PROBLEM REQUIREMENTS:
Each line that includes the word "Hbound" should be copied from the records.

(Dataset entries)

——————

Lemma left_riemann_sum_error (g : R -> R) h eps k : 0 < h -> (forall x, continuous g x) ->
  (forall s t, 0 <= s -> s <= t <= s + h -> t <= INR k * h -> Rabs (g t - g s) <= eps) ->
  Rabs (RInt g 0 (INR k * h) - h * fsum k (fun n => g (INR n * h))) <= INR k * h * eps.
Proof.
  intros Hh Hg. induction k as [|k IH]; intros Hosc.
  - simpl INR. rewrite Rmult_0_l, RInt_point, fsum_0. unfold zero; simpl.
    rewrite Rmult_0_r, Rminus_0_r, Rabs_R0. lra.
  - rewrite fsum_S, S_INR in *. set (x := INR k * h) in *.
    assert (Hx : 0 <= x) by (unfold x; pose proof (pos_INR k); nra).
    replace ((INR k + 1) * h) with (x + h) in * by (unfold x; ring).
    assert (Hleft : Rabs (RInt g 0 x - h * fsum k (fun n => g (INR n * h))) <= x * eps).
    { apply IH. intros s t Hs Hst Ht. apply Hosc; lra. }
    assert (Hcell : Rabs (RInt g x (x + h) - h * g x) <= h * eps).
    { apply RInt_cell_error; [lra|exact Hg|]. intros t Ht. apply Hosc; lra. }
    rewrite <- (RInt_Chasles g 0 x (x + h)) by now apply ex_RInt_continuous_R.
    unfold plus; simpl.
    replace (RInt g 0 x + RInt g x (x + h) - h * (fsum k (fun n => g (INR n * h)) + g x))
      with ((RInt g 0 x - h * fsum k (fun n => g (INR n * h))) + (RInt g x (x + h) - h * g x))
      by ring.
    eapply Rle_trans; [apply Rabs_triang|]. lra.
Qed.

Lemma RInt_shift (g : R -> R) a b tau : (forall x, continuous g x) ->
  RInt (fun t => g (t - tau)) a b = RInt g (a - tau) (b - tau).
Proof.
  intros Hg.
  assert (E := RInt_comp_lin g 1 (- tau) a b).
  replace (1 * a + - tau) with (a - tau) in E by ring.
  replace (1 * b + - tau) with (b - tau) in E by ring.
  rewrite <- E by now apply ex_RInt_continuous_R.
  apply RInt_ext. intros t _. unfold scal; simpl; unfold mult; simpl.
  rewrite Rmult_1_l. f_equal. ring.
Qed.

Lemma continuity_pt_RInt_shift (g : R -> R) a b tau : (forall x, continuous g x) ->
  continuity_pt (fun tau => RInt (fun t => g (t - tau)) a b) tau.
Proof.
  intros Hg.
  apply (continuity_pt_ext (fun tau => RInt g (a - tau) (b - tau)));
    [intros; symmetry; now apply RInt_shift|].
  apply continuity_pt_filterlim.
  apply (continuous_comp_2 (fun tau => a - tau) (fun tau => b - tau) (fun u v => RInt g u v)).
  - apply (continuous_minus (V := R_NormedModule)); [apply continuous_const|apply continuous_id].
  - apply (continuous_minus (V := R_NormedModule)); [apply continuous_const|apply continuous_id].
  - apply (continuous_RInt (V := R_NormedModule) g _ _ (fun u v => RInt g u v)).
    apply filter_forall. intros z.
    apply (RInt_correct (V := R_CompleteNormedModule)). now apply ex_RInt_continuous_R.
Qed.

Lemma RInt_shift_pos_min (g : R -> R) T : 0 <= T -> (forall x, continuous g x) ->
  (forall tau, 0 <= tau <= T -> 0 < RInt (fun t => g (t - tau)) 0 T) ->
  exists m, 0 < m /\ forall tau, 0 <= tau <= T -> m <= RInt (fun t => g (t - tau)) 0 T.
Proof.
  intros HT Hg Hpos.
  destruct (continuity_ab_min (fun tau => RInt (fun t => g (t - tau)) 0 T) 0 T)
    as [tau0 [Hmin Htau0]]; [exact HT|intros; now apply continuity_pt_RInt_shift|].
  exists (RInt (fun t => g (t - tau0)) 0 T). split; [now apply Hpos|exact Hmin].
Qed.

Lemma continuous_bounded_segment (g : R -> R) a b : a <= b -> (forall x, continuous g x) ->
  exists B, 0 < B /\ forall x, a <= x <= b -> Rabs (g x) <= B.
Proof.
  intros Hab Hg.
  destruct (continuity_ab_maj (fun x => Rabs (g x)) a b) as [x0 [Hmax _]];
    [exact Hab|intros; apply continuity_pt_filterlim, continuous_Rabs_comp, Hg|].
  exists (Rabs (g x0) + 1). split; [pose proof (Rabs_pos (g x0)); lra|].
  intros x Hx. specialize (Hmax x Hx). simpl in Hmax. lra.
Qed.

(* The sum has k + 1 nodes: the extra node at t = T is the one sampled by
   n = N - 1 when T = (N - 1) / f_s. *)
Lemma shifted_riemann_sum_uniform (g : R -> R) T eps :
  0 < T -> 0 < eps -> (forall x, continuous g x) ->
  exists h0, 0 < h0 /\ forall h k tau, 0 < h <= h0 -> INR k * h = T -> 0 <= tau <= T ->
    Rabs (RInt (fun t => g (t - tau)) 0 T - h * fsum (S k) (fun n => g (INR n * h - tau)))
    <= eps.
Proof.
  intros HT Heps Hg.
  destruct (continuous_bounded_segment g (- T) T) as [B [HB Hbound]]; [lra|exact Hg|].
  assert (Heps' : 0 < eps / (2 * T)) by (apply Rdiv_lt_0_compat; lra).
  destruct (Heine_cor2 (f := g) (a := - T) (b := T) (fun x _ => proj2 (continuity_pt_filterlim g x) (Hg x))
              (mkposreal _ Heps')) as [[delta Hdelta] Hunif]; simpl in Hunif.
  exists (Rmin (delta / 2) (eps / (2 * B))). split.
  { apply Rmin_glb_lt; apply Rdiv_lt_0_compat; lra. }
  intros h k tau [Hh Hh0] Hkh Htau.
  pose proof (Rmin_l (delta / 2) (eps / (2 * B))).
  pose proof (Rmin_r (delta / 2) (eps / (2 * B))).
  assert (Hsum := left_riemann_sum_error (fun t => g (t - tau)) h (eps / (2 * T)) k Hh).
  rewrite Hkh in Hsum.
  replace (T * (eps / (2 * T))) with (eps / 2) in Hsum by (field; lra).
  assert (Hriemann : Rabs (RInt (fun t => g (t - tau)) 0 T
                           - h * fsum k (fun n => g (INR n * h - tau))) <= eps / 2).
  { apply Hsum.
    - intros x. apply (continuous_comp (fun t => t - tau) g); [|apply Hg].
      apply (continuous_minus (V := R_NormedModule));
        [apply continuous_id|apply continuous_const].
    - intros s t Hs Hst Ht. left.
      apply Hunif; [lra|lra|]. rewrite Rabs_right; lra. }
  assert (Hlast : h * Rabs (g (T - tau)) <= eps / 2).
  { apply (Rle_trans _ (h * B)); [apply Rmult_le_compat_l; [lra|apply Hbound; lra]|].
    apply (Rmult_le_reg_r (/ B)); [now apply Rinv_0_lt_compat|].
    replace (eps / 2 * / B) with (eps / (2 * B)) by (field; lra).
    replace (h * B * / B) with h by (field; lra). lra. }
  rewrite fsum_S, Hkh, Rmult_plus_distr_l.
  replace (RInt (fun t => g (t - tau)) 0 T
           - (h * fsum k (fun n => g (INR n * h - tau)) + h * g (T - tau)))
    with ((RInt (fun t => g (t - tau)) 0 T - h * fsum k (fun n => g (INR n * h - tau)))
          + - (h * g (T - tau))) by ring.
  eapply Rle_trans; [apply Rabs_triang|].
  rewrite Rabs_Ropp, Rabs_mult, (Rabs_right h) by lra. lra.
Qed.

Lemma shifted_riemann_sum_lower_bound (g : R -> R) T : 0 < T -> (forall x, continuous g x) ->
  (forall tau, 0 <= tau <= T -> 0 < RInt (fun t => g (t - tau)) 0 T) ->
  exists N0 d, (1 <= N0)%nat /\ 0 < d /\
    forall N fs, (N0 <= N)%nat -> 0 < fs -> T = (INR N - 1) / fs ->
    forall tau, 0 <= tau <= T -> d * fs <= fsum N (fun n => g (INR n / fs - tau)).
Proof.
  intros HT Hg Hpos.
  destruct (RInt_shift_pos_min g T) as [m [Hm Hmin]]; [lra|exact Hg|exact Hpos|].
  destruct (shifted_riemann_sum_uniform g T (m / 2)) as [h0 [Hh0 Hclose]]; [lra|lra|exact Hg|].
  destruct (archimed_cor1 (h0 / T)) as [n0 [Hn0 Hn0pos]]; [now apply Rdiv_lt_0_compat|].
  exists (S n0), (m / 2). split; [lia|]. split; [lra|].
  intros N fs HN Hfs HTN tau Htau.
  destruct N as [|k]; [lia|].
  rewrite S_INR in HTN. replace (INR k + 1 - 1) with (INR k) in HTN by ring.
  set (h := / fs).
  assert (Hh : 0 < h) by now apply Rinv_0_lt_compat.
  assert (HTk : INR k * h = T) by (rewrite HTN; reflexivity).
  assert (Hk : 0 < INR n0 <= INR k) by (split; [apply lt_0_INR|apply le_INR]; lia).
  assert (Hhh0 : h <= h0).
  { replace h with (T * / INR k) by (rewrite <- HTk; field; lra).
    apply (Rle_trans _ (T * / INR n0)).
    - apply Rmult_le_compat_l; [lra|]. apply Rinv_le_contravar; lra.
    - apply (Rmult_le_reg_r (/ T)); [now apply Rinv_0_lt_compat|].
      replace (T * / INR n0 * / T) with (/ INR n0) by (field; lra).
      unfold Rdiv in Hn0. lra. }
  specialize (Hclose h k tau (conj Hh Hhh0) HTk Htau).
  specialize (Hmin tau Htau).
  apply Rabs_le_between in Hclose.
  apply (Rmult_le_reg_l h); [exact Hh|].
  replace (h * (m / 2 * fs)) with (m / 2) by (unfold h; field; lra).
  change (fun n => g (INR n / fs - tau)) with (fun n => g (INR n * h - tau)). lra.
Qed.

Lemma dist3_pos p q : p <> q -> 0 < dist3 p q.
Proof.
  destruct p as [[x1 y1] z1], q as [[x2 y2] z2]; simpl; intros Hpq.
  apply sqrt_lt_R0.
  assert (Hsq : forall u v, u <> v -> 0 < (u - v) ^ 2).
  { intros u v Huv. rewrite <- Rsqr_pow2. apply Rsqr_pos_lt. intros E. apply Huv. lra. }
  pose proof (pow2_ge_0 (x1 - x2)); pose proof (pow2_ge_0 (y1 - y2));
    pose proof (pow2_ge_0 (z1 - z2)).
  destruct (Req_dec x1 x2) as [<-|Hx]; [|pose proof (Hsq _ _ Hx); lra].
  destruct (Req_dec y1 y2) as [<-|Hy]; [|pose proof (Hsq _ _ Hy); lra].
  destruct (Req_dec z1 z2) as [<-|Hz]; [congruence|pose proof (Hsq _ _ Hz); lra].
Qed.

Lemma in_Cset_dist c Tmax M mic p m : in_Cset c Tmax M mic p -> (m < M)%nat ->
  0 < dist3 p (mic m) <= c * Tmax.
Proof. intros [Hball Hout] Hm. split; [apply dist3_pos, Hout|apply Hball]; exact Hm. Qed.

Lemma fsum_gamma_mn c fs kappa mic m N p :
  fsum N (fun n => gamma_mn c fs kappa mic m n p)
  = fsum N (fun n => kappa (INR n / fs - dist3 p (mic m) / c)) / (4 * PI * dist3 p (mic m)).
Proof.
  unfold gamma_mn. set (D := dist3 p (mic m)).
  rewrite (fsum_ext N _ (fun n => / (4 * PI * D) * kappa (INR n / fs - D / c)))
    by (intros; unfold Rdiv at 1; ring).
  rewrite fsum_mult_l. unfold Rdiv at 3. ring.
Qed.

(* Distances to a microphone are at most c Tmax on C, so the delays lie in
   [0, Tmax] and the spherical attenuation is at least 1 / (4 pi c Tmax). *)
Lemma fsum_gamma_mn_ge c Tmax fs kappa M N mic m p d :
  0 < c -> (m < M)%nat -> in_Cset c Tmax M mic p -> 0 <= d * fs ->
  (forall tau, 0 <= tau <= Tmax -> d * fs <= fsum N (fun n => kappa (INR n / fs - tau))) ->
  d * fs / (4 * PI * (c * Tmax)) <= fsum N (fun n => gamma_mn c fs kappa mic m n p).
Proof.
  intros Hc Hm Hp Hd Hsum.
  destruct (in_Cset_dist c Tmax M mic p m Hp Hm) as [HD HDmax].
  set (D := dist3 p (mic m)) in *.
  assert (Hdelay : 0 <= D / c <= Tmax).
  { split; [apply Rlt_le, Rdiv_lt_0_compat; lra|].
    apply (Rmult_le_reg_r c); [exact Hc|]. unfold Rdiv. rewrite Rmult_assoc, Rinv_l; lra. }
  pose proof PI_RGT_0.
  rewrite fsum_gamma_mn. fold D. unfold Rdiv at 1 3.
  apply Rmult_le_compat; [exact Hd| |now apply Hsum|].
  - apply Rlt_le, Rinv_0_lt_compat. nra.
  - apply Rinv_le_contravar; nra.
Qed.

——————

WRITTEN REPLY:
  destruct (continuous_bounded_segment g (- T) T) as [B [HB Hbound]]; [lra|exact Hg|].
  { apply (Rle_trans _ (h * B)); [apply Rmult_le_compat_l; [lra|apply Hbound; lra]|].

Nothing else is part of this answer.